Definition euc_rel_open (S V : pt -> Prop) : Prop :=
  (forall p, V p -> S p) /\
  forall p, V p -> exists e, 0 < e /\ forall q, S q -> dist2 p q < e -> V q.

Definition inherits_euclidean (O : (pt -> Prop) -> Prop) (S : pt -> Prop) : Prop :=
  forall V : pt -> Prop, (forall p, V p -> S p) ->
    ((exists U, O U /\ forall p, V p <-> (U p /\ S p)) <-> euc_rel_open S V).

Definition subseq_limit (O : (pt -> Prop) -> Prop) (z : nat -> pt) (p : pt) : Prop :=
  exists phi : nat -> nat, (1 <= phi 0%nat)%nat /\
    (forall k, (phi k < phi (S k))%nat) /\
    forall U, O U -> U p -> exists K, forall k, (K <= k)%nat -> U (z (phi k)).

Definition HA_cond1 (O : (pt -> Prop) -> Prop) : Prop :=
  exists z : nat -> pt, (forall n, (1 <= n)%nat -> intA n (z n)) /\
    forall p, HAset p -> ~ subseq_limit O z p.

Definition HA_cond2 (O : (pt -> Prop) -> Prop) : Prop :=
  forall (y : nat -> pt) (p : pt), (forall n, (1 <= n)%nat -> intA n (y n)) ->
    HAset p -> subseq_limit O y p -> p = (0, 0).

Definition HA_topology (O : (pt -> Prop) -> Prop) : Prop :=
  is_topology_on HAset O /\
  (forall n, (1 <= n)%nat -> inherits_euclidean O (Yup n)) /\
  HA_cond1 O /\ HA_cond2 O.

Definition S1 (z : pt) : Prop := (fst z)^2 + (snd z)^2 = 1.
Definition cyl (x : pt3) : Prop := S1 (fst x) /\ 0 <= snd x <= 1.

Definition cont_S1 (f : pt -> pt) : Prop :=
  forall z, S1 z -> forall e, 0 < e -> exists d, 0 < d /\
    forall w, S1 w -> dist2 z w < d -> dist2 (f z) (f w) < e.

Definition cont_cyl_euc (H : pt3 -> pt) : Prop :=
  forall x, cyl x -> forall e, 0 < e -> exists d, 0 < d /\
    forall y, cyl y -> dist3 x y < d -> dist2 (H x) (H y) < e.

Definition cont_cyl_top (O : (pt -> Prop) -> Prop) (H : pt3 -> pt) : Prop :=
  forall U, O U -> forall x, cyl x -> U (H x) -> exists d, 0 < d /\
    forall y, cyl y -> dist3 x y < d -> U (H y).

Definition inessential_euc (S : pt -> Prop) (f : pt -> pt) : Prop :=
  exists (H : pt3 -> pt) (c : pt), S c /\ cont_cyl_euc H /\
    (forall x, cyl x -> S (H x)) /\
    (forall z, S1 z -> H (z, 0) = f z) /\
    (forall z, S1 z -> H (z, 1) = c).

Definition inessential_HA (O : (pt -> Prop) -> Prop) (f : pt -> pt) : Prop :=
  exists (H : pt3 -> pt) (c : pt), HAset c /\ cont_cyl_top O H /\
    (forall x, cyl x -> HAset (H x)) /\
    (forall z, S1 z -> H (z, 0) = f z) /\
    (forall z, S1 z -> H (z, 1) = c).

From Stdlib Require Import Reals Lra Lia Psatz Arith ClassicalEpsilon.
From Coquelicot Require Import Coquelicot.
Open Scope R_scope.

(* If f is null-homotopic in Y^N, the homotopy is also continuous into HA, because Y^N
   carries its Euclidean topology.  Conversely, let H be a null-homotopy of f in HA.
   Condition (2) forces H to be continuous for the Euclidean topology of the plane, and
   condition (1) together with the compactness of S^1 x [0,1] gives an N such that H misses
   the points z_k for k > N.  Now HA minus {z_k | k > N} retracts onto Y^N: the inversion
   q |-> q / |q|^2 turns the circle X_n into the line u = n/2 and the annulus A_k into the
   strip k/2 <= u <= (k+1)/2, which, punctured at the image of z_k, retracts onto its two
   boundary lines by projecting from the puncture.  These retractions move points near the
   origin very little, since A_k lies in the disk of radius 2/k, so they glue to a
   continuous map fixing Y_1, and composing it with H gives a null-homotopy of f in Y^N. *)

(** * The Euclidean plane *)

Lemma dist2_nonneg p q : 0 <= dist2 p q.
Proof. apply sqrt_pos. Qed.

Lemma dist2_sqr p q : dist2 p q * dist2 p q = (fst p - fst q)^2 + (snd p - snd q)^2.
Proof.
  apply sqrt_sqrt.
  pose proof (pow2_ge_0 (fst p - fst q)); pose proof (pow2_ge_0 (snd p - snd q)); lra.
Qed.

Lemma dist2_refl p : dist2 p p = 0.
Proof. unfold dist2; rewrite !Rminus_diag, pow_i, Rplus_0_r by lia; exact sqrt_0. Qed.

Lemma dist2_triangle p q r : dist2 p r <= dist2 p q + dist2 q r.
Proof. unfold dist2; rewrite <- !Rsqr_pow2; apply triangle. Qed.

Lemma dist2_lt_of_sqr p q e : 0 < e ->
  (fst p - fst q)^2 + (snd p - snd q)^2 < e * e -> dist2 p q < e.
Proof. intros. pose proof (dist2_sqr p q); pose proof (dist2_nonneg p q); nra. Qed.

Lemma Rabs_fst_le_dist2 p q : Rabs (fst p - fst q) <= dist2 p q.
Proof.
  pose proof (dist2_sqr p q); pose proof (dist2_nonneg p q); pose proof (pow2_ge_0 (snd p - snd q)).
  apply Rabs_le; split; nra.
Qed.

Lemma Rabs_snd_le_dist2 p q : Rabs (snd p - snd q) <= dist2 p q.
Proof.
  pose proof (dist2_sqr p q); pose proof (dist2_nonneg p q); pose proof (pow2_ge_0 (fst p - fst q)).
  apply Rabs_le; split; nra.
Qed.

Lemma dist2_le_Rabs p q : dist2 p q <= Rabs (fst p - fst q) + Rabs (snd p - snd q).
Proof.
  pose proof (dist2_sqr p q); pose proof (dist2_nonneg p q).
  pose proof (pow2_abs (fst p - fst q)); pose proof (pow2_abs (snd p - snd q)).
  pose proof (Rabs_pos (fst p - fst q)); pose proof (Rabs_pos (snd p - snd q)); nra.
Qed.

Lemma dist3_le_Rabs x y : dist3 x y <=
  Rabs (fst (fst x) - fst (fst y)) + Rabs (snd (fst x) - snd (fst y)) + Rabs (snd x - snd y).
Proof.
  unfold dist3.
  rewrite <- (pow2_abs (fst (fst x) - _)), <- (pow2_abs (snd (fst x) - _)),
    <- (pow2_abs (snd x - _)).
  pose proof (Rabs_pos (fst (fst x) - fst (fst y))).
  pose proof (Rabs_pos (snd (fst x) - snd (fst y))). pose proof (Rabs_pos (snd x - snd y)).
  rewrite <- sqrt_pow2 by lra. apply sqrt_le_1_alt. nra.
Qed.

Lemma dist2_origin_le_disk q r : 0 < r -> (fst q - r)^2 + (snd q)^2 <= r^2 ->
  dist2 (0,0) q <= 2 * r.
Proof.
  intros Hr Hq. pose proof (dist2_sqr (0,0) q); pose proof (dist2_nonneg (0,0) q); simpl in *.
  assert (fst q <= 2 * r) by nra.
  assert (dist2 (0,0) q * dist2 (0,0) q <= 2 * r * (2 * r)) by nra.
  nra.
Qed.

Definition cont_at (g : pt -> pt) (p : pt) : Prop :=
  forall e, 0 < e -> exists d, 0 < d /\ forall q, dist2 p q < d -> dist2 (g p) (g q) < e.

**What you have to do**. Find how many lines in the entries above have the string "intA" and report only that number.

**Response to this exercise**. 2